About this exercise:
In the listing below, tally each line that contains "weightE". Reply with the total only.

── Material provided

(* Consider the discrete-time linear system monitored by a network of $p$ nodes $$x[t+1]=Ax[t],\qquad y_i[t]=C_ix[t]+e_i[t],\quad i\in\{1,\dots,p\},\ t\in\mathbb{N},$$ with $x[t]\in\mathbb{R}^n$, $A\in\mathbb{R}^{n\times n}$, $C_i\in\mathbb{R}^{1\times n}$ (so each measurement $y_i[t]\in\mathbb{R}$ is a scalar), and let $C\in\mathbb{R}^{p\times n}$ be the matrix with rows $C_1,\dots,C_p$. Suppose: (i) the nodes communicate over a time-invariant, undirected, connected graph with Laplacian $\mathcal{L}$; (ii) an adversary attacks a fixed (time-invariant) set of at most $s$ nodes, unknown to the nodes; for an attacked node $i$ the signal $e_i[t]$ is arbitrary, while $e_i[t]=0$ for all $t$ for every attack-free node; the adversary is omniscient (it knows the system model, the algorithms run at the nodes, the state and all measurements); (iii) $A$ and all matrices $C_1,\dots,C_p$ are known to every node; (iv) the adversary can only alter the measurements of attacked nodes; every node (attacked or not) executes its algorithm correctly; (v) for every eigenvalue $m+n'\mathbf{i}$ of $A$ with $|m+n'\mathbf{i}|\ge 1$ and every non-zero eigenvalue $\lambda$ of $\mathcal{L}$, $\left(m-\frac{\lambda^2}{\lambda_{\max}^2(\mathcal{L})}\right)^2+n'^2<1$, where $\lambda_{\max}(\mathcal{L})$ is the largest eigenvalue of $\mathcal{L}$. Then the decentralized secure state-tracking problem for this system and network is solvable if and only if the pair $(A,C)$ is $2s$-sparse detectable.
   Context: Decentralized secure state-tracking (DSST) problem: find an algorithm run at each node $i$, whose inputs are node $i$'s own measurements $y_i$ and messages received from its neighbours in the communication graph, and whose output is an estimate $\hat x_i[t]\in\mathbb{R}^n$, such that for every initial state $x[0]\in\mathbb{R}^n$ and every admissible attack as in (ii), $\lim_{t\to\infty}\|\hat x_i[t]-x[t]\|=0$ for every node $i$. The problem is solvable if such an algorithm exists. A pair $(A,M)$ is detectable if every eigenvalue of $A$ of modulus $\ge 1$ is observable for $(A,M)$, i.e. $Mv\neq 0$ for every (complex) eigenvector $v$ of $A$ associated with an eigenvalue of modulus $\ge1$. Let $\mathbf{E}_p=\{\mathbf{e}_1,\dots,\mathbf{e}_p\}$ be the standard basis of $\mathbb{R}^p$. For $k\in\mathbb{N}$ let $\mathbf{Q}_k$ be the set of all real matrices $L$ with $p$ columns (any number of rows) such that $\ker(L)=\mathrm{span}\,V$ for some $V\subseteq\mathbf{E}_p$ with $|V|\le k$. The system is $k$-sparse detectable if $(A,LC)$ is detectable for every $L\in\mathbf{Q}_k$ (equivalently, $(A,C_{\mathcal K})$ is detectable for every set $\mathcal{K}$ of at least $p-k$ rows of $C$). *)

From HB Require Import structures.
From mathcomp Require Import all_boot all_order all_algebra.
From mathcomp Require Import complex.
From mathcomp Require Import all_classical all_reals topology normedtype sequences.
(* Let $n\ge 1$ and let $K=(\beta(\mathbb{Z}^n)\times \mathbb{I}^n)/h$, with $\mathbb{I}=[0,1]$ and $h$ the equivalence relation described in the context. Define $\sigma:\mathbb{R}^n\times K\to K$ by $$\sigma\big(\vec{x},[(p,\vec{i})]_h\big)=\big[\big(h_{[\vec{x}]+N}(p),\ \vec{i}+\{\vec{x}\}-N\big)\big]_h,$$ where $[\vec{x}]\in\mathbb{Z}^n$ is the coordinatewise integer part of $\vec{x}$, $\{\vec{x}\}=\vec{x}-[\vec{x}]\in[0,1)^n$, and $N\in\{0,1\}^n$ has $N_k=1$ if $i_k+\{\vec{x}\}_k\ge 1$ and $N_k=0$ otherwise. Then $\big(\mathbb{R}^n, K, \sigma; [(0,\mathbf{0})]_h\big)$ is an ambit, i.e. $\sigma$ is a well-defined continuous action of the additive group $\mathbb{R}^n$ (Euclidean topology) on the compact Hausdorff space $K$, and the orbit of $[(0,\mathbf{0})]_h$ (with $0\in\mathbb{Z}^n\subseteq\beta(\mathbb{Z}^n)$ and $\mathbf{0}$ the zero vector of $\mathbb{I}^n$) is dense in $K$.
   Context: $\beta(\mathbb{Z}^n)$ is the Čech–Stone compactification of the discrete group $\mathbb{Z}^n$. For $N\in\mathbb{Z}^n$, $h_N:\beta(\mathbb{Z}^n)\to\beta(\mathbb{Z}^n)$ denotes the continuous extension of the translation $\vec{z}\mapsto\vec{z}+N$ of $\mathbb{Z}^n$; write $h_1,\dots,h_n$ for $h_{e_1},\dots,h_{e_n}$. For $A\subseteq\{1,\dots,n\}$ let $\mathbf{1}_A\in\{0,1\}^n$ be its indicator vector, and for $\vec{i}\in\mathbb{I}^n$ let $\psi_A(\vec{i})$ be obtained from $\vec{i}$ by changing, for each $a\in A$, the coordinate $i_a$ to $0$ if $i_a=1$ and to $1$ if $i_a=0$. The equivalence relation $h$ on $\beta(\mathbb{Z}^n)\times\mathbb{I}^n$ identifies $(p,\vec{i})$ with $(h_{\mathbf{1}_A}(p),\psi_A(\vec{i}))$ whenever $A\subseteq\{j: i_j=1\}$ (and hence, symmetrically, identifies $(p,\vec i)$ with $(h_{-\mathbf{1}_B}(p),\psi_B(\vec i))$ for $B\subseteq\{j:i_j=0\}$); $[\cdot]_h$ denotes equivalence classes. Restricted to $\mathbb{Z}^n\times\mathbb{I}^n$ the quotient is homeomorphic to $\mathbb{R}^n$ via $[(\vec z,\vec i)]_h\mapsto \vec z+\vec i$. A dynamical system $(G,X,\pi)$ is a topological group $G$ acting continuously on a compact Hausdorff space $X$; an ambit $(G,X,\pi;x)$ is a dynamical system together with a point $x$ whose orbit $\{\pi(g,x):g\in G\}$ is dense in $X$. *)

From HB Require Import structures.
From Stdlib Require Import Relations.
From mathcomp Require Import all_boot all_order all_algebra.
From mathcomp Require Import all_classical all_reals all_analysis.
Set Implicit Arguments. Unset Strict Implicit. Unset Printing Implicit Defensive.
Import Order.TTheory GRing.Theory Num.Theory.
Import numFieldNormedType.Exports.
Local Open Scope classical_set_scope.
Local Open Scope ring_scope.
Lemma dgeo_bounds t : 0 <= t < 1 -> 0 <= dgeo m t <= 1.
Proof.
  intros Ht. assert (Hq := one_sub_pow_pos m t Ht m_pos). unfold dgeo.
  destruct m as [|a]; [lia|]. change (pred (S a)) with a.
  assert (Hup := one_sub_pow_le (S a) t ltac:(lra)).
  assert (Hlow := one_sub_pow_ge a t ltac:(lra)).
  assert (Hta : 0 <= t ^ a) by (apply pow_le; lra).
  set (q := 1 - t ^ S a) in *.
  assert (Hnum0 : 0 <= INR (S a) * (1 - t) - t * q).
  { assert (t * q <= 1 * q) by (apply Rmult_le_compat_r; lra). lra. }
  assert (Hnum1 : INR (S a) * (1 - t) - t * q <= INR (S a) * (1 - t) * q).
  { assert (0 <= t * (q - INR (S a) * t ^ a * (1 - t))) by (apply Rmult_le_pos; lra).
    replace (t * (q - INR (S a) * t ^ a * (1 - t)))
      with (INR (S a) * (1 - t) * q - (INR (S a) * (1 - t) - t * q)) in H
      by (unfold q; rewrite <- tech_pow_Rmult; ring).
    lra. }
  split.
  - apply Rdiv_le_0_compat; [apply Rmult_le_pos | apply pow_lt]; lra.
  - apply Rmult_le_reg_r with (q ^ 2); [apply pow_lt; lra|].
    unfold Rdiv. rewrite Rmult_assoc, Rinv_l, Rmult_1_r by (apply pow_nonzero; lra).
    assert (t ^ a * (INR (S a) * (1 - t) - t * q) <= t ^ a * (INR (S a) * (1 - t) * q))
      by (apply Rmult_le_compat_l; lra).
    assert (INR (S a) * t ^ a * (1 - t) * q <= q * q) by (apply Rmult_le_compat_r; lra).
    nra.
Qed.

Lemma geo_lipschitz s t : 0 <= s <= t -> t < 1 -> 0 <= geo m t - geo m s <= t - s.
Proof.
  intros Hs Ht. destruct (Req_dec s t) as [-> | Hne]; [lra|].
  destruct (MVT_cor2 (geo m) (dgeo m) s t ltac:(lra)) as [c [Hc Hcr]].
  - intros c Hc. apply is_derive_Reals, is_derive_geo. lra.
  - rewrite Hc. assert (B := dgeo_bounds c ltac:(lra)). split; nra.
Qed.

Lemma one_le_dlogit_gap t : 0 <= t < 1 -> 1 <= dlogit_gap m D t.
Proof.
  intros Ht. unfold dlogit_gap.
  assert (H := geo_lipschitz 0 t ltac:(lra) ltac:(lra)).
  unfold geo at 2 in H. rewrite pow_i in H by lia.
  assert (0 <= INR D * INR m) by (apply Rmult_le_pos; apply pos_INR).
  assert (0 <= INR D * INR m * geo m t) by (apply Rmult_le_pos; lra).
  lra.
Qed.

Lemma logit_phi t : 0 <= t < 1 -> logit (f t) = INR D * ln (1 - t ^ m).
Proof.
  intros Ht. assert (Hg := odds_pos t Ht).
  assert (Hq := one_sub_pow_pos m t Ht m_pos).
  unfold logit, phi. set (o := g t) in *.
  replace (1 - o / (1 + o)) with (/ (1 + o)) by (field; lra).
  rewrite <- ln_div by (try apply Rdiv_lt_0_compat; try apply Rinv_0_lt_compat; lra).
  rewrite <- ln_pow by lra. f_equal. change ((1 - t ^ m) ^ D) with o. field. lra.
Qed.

────
── Material provided

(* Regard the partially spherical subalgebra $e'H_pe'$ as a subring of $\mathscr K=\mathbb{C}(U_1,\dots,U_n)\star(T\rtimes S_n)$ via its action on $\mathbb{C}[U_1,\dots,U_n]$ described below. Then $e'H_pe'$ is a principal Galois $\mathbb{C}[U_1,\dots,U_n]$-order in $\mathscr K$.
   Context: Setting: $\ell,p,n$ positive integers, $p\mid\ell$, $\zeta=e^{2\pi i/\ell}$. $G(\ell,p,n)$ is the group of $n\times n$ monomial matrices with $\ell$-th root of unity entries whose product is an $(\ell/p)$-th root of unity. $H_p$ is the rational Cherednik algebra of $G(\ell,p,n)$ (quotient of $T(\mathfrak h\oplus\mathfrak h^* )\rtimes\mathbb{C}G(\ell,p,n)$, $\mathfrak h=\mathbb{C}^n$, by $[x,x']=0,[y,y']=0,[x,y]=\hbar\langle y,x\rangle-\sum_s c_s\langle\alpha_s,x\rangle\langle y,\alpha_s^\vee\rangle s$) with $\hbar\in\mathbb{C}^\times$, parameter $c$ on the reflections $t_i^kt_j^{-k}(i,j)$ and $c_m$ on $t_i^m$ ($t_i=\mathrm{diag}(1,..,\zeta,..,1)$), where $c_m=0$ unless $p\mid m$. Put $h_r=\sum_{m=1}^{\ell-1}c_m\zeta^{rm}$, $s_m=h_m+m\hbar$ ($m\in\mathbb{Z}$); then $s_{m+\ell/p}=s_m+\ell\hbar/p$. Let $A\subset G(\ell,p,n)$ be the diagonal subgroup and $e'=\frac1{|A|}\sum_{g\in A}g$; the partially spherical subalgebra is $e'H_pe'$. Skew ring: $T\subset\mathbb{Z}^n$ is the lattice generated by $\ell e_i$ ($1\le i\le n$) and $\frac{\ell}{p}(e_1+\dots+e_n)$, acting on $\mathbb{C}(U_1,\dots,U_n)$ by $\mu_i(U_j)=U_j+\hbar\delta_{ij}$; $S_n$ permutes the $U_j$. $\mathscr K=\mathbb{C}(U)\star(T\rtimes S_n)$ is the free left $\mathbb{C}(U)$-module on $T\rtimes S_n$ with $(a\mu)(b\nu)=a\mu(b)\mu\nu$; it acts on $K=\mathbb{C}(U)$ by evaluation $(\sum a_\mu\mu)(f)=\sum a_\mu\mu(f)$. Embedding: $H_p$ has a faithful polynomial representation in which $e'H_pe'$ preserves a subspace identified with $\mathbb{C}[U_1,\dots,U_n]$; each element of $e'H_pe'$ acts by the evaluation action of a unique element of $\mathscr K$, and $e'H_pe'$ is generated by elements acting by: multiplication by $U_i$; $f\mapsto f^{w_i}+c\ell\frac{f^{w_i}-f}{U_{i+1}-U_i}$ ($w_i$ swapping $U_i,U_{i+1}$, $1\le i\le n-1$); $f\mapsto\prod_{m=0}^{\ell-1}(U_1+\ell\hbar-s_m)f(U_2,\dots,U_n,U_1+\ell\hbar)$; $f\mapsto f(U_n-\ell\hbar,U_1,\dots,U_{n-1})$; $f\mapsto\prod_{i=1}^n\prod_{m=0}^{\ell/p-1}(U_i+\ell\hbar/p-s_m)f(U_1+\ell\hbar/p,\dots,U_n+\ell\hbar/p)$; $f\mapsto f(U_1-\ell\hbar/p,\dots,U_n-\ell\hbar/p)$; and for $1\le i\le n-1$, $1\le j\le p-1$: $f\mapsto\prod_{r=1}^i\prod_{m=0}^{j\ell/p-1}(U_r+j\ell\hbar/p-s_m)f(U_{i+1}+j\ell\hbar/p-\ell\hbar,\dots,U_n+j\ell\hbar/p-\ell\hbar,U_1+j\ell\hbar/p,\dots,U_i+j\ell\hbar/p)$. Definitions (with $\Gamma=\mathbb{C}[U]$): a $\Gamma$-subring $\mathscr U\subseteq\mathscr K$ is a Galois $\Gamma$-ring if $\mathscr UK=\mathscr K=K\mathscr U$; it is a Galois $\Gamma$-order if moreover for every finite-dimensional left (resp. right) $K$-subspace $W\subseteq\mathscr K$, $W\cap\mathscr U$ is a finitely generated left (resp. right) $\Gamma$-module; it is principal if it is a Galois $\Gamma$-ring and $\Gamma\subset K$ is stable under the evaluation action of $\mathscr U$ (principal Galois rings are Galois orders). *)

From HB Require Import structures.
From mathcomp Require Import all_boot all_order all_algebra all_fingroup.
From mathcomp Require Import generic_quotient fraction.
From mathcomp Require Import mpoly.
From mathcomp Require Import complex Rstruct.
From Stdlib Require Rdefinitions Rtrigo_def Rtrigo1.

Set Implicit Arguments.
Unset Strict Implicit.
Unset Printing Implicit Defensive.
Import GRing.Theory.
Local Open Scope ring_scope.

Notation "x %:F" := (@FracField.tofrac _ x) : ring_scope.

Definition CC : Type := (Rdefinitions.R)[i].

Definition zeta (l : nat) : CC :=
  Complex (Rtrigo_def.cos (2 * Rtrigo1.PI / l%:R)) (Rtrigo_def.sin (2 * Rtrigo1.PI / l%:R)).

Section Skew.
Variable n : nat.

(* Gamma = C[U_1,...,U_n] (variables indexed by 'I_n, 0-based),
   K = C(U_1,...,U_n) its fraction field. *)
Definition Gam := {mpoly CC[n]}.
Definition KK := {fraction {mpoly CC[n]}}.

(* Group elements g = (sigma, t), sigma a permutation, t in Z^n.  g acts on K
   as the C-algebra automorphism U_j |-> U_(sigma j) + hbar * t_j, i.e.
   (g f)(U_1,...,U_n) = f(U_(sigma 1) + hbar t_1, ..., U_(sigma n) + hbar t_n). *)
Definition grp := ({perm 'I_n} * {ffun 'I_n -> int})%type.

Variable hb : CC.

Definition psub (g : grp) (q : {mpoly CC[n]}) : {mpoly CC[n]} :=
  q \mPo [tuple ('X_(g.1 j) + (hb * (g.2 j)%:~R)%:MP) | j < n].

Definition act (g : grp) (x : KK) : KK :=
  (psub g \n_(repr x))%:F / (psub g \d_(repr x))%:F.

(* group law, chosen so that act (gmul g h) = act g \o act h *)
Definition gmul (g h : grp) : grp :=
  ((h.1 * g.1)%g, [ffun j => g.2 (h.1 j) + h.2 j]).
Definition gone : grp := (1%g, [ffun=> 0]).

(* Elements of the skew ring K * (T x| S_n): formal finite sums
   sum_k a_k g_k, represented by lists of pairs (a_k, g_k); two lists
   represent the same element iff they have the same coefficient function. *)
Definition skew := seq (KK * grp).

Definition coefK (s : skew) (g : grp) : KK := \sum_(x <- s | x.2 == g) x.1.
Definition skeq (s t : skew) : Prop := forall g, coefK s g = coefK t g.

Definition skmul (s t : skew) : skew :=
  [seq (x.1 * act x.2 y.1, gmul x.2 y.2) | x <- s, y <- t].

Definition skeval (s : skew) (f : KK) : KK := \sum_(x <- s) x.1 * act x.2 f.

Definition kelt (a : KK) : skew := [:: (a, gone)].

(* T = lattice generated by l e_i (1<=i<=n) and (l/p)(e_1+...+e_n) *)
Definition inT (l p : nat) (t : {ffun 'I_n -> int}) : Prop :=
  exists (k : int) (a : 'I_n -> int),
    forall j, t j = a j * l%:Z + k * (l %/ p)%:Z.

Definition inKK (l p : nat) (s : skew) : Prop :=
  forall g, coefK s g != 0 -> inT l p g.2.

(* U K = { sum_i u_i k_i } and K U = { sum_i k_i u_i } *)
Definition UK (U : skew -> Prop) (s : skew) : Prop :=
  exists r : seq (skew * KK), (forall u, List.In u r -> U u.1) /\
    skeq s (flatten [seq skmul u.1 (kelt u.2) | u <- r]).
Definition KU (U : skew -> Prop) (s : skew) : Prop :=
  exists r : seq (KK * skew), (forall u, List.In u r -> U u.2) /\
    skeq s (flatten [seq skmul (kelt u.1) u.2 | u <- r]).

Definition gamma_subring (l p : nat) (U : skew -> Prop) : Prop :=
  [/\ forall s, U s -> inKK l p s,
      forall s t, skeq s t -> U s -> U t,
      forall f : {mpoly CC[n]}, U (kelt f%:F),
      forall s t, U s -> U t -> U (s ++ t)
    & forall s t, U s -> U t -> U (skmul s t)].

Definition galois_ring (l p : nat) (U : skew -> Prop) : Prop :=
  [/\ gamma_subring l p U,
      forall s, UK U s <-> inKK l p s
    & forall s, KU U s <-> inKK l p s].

────
── Material provided

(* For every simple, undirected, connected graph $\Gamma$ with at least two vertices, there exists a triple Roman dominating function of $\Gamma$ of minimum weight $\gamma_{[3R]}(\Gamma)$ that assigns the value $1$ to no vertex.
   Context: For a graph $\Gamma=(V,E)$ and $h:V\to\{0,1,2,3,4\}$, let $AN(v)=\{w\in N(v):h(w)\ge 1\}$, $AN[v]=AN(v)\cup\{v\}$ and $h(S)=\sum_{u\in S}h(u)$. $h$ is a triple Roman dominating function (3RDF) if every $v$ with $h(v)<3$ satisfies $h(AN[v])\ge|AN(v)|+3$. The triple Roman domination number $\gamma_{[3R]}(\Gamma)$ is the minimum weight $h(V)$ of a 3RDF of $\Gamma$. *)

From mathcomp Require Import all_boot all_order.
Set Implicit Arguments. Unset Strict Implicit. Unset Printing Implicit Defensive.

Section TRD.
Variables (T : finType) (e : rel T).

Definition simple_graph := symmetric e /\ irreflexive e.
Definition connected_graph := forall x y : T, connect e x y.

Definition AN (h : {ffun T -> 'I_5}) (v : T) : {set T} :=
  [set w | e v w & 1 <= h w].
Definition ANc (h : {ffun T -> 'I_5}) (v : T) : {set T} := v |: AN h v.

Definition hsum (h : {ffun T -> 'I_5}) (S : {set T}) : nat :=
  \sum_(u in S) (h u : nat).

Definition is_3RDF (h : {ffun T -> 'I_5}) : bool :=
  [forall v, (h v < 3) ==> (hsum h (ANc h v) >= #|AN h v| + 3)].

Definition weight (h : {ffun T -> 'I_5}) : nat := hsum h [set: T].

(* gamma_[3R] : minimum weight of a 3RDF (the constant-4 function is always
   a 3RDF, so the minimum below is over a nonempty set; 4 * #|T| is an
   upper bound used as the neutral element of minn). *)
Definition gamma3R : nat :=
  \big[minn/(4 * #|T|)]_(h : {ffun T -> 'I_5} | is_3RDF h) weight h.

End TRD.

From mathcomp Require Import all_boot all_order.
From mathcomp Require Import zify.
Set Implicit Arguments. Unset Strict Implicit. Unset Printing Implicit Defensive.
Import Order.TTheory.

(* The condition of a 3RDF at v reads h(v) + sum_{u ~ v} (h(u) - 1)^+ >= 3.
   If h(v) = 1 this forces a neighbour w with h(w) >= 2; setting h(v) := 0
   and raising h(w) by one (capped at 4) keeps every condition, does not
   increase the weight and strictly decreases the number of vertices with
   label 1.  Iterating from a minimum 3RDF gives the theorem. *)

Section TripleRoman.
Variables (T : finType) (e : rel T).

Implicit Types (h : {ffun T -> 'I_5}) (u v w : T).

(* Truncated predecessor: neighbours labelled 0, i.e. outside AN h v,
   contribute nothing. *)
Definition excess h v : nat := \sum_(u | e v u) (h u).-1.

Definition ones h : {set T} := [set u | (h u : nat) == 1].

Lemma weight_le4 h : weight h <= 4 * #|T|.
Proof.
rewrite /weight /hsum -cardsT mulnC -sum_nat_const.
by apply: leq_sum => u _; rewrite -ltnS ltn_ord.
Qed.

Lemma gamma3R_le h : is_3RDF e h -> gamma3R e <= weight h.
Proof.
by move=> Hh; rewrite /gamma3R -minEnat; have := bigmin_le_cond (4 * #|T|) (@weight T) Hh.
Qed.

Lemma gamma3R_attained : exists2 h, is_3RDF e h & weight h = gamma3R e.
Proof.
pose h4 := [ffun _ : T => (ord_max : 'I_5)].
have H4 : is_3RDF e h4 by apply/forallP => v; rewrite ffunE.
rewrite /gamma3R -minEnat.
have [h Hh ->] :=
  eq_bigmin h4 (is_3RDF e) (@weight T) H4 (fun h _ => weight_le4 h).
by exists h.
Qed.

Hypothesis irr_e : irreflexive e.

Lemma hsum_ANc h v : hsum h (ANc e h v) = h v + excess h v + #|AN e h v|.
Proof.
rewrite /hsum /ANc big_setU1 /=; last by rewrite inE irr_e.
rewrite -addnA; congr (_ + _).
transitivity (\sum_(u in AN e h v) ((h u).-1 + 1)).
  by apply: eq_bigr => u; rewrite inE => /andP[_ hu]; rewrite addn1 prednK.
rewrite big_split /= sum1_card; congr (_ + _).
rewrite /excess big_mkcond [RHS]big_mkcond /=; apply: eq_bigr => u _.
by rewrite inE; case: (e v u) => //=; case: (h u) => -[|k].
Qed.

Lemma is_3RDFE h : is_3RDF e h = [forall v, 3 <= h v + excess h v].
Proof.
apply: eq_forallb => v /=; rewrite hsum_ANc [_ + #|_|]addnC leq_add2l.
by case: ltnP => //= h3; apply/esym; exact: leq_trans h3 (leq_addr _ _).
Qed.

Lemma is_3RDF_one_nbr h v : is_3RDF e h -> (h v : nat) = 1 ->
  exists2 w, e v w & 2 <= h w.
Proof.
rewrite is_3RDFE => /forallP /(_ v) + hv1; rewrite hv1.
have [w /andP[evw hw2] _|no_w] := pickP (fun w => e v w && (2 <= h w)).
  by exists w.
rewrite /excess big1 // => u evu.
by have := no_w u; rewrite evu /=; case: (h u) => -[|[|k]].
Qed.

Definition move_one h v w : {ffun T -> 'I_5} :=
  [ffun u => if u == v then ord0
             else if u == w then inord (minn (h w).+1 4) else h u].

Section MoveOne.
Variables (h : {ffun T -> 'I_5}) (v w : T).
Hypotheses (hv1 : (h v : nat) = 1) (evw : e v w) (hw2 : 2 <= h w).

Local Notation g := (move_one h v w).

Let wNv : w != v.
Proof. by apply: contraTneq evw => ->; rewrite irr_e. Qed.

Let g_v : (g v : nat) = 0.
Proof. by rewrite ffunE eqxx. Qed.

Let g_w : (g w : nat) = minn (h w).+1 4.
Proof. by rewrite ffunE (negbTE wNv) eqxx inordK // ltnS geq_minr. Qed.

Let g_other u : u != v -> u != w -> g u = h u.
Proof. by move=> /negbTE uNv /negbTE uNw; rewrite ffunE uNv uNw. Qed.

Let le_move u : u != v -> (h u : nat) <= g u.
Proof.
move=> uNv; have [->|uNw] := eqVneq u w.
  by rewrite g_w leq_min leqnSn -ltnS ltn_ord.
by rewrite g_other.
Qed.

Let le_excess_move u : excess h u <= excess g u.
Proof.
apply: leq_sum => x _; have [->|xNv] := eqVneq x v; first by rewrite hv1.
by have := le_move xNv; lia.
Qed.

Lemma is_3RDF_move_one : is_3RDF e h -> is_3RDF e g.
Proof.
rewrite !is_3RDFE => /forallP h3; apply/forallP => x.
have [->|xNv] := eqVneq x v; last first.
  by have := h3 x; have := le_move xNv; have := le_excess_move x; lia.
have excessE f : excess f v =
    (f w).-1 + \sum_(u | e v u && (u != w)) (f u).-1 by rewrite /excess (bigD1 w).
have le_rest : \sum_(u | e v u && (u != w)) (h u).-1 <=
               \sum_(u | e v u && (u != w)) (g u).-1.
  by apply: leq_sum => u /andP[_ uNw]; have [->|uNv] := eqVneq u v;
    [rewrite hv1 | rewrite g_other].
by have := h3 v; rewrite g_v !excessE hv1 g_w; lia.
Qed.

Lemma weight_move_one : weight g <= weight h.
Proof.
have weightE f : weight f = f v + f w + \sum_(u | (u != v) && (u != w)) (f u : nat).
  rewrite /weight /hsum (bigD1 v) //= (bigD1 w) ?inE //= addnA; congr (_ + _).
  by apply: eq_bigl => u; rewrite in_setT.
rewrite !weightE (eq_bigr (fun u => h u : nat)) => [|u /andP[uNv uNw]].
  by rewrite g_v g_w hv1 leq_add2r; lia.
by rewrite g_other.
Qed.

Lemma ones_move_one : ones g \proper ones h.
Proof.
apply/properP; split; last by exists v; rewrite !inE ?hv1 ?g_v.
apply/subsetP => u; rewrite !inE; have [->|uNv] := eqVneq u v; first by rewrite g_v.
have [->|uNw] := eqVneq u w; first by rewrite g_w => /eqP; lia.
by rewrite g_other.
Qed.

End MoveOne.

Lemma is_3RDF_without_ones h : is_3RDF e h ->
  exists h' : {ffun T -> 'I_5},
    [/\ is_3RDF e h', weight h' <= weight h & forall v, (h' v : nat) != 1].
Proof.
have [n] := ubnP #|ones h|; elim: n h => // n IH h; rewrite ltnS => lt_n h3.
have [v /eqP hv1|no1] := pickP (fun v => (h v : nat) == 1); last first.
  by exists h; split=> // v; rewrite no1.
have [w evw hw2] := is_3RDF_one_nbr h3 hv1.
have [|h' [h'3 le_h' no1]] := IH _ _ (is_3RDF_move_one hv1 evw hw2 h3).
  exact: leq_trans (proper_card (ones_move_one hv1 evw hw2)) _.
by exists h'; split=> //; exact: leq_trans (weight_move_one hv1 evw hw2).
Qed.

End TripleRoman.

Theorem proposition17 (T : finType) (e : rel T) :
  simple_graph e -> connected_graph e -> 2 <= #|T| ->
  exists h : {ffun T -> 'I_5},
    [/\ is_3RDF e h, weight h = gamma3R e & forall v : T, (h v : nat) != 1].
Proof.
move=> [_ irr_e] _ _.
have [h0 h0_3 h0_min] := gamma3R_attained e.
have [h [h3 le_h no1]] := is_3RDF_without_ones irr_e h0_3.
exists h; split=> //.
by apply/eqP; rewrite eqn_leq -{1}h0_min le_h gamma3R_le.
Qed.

────

Expected output:
2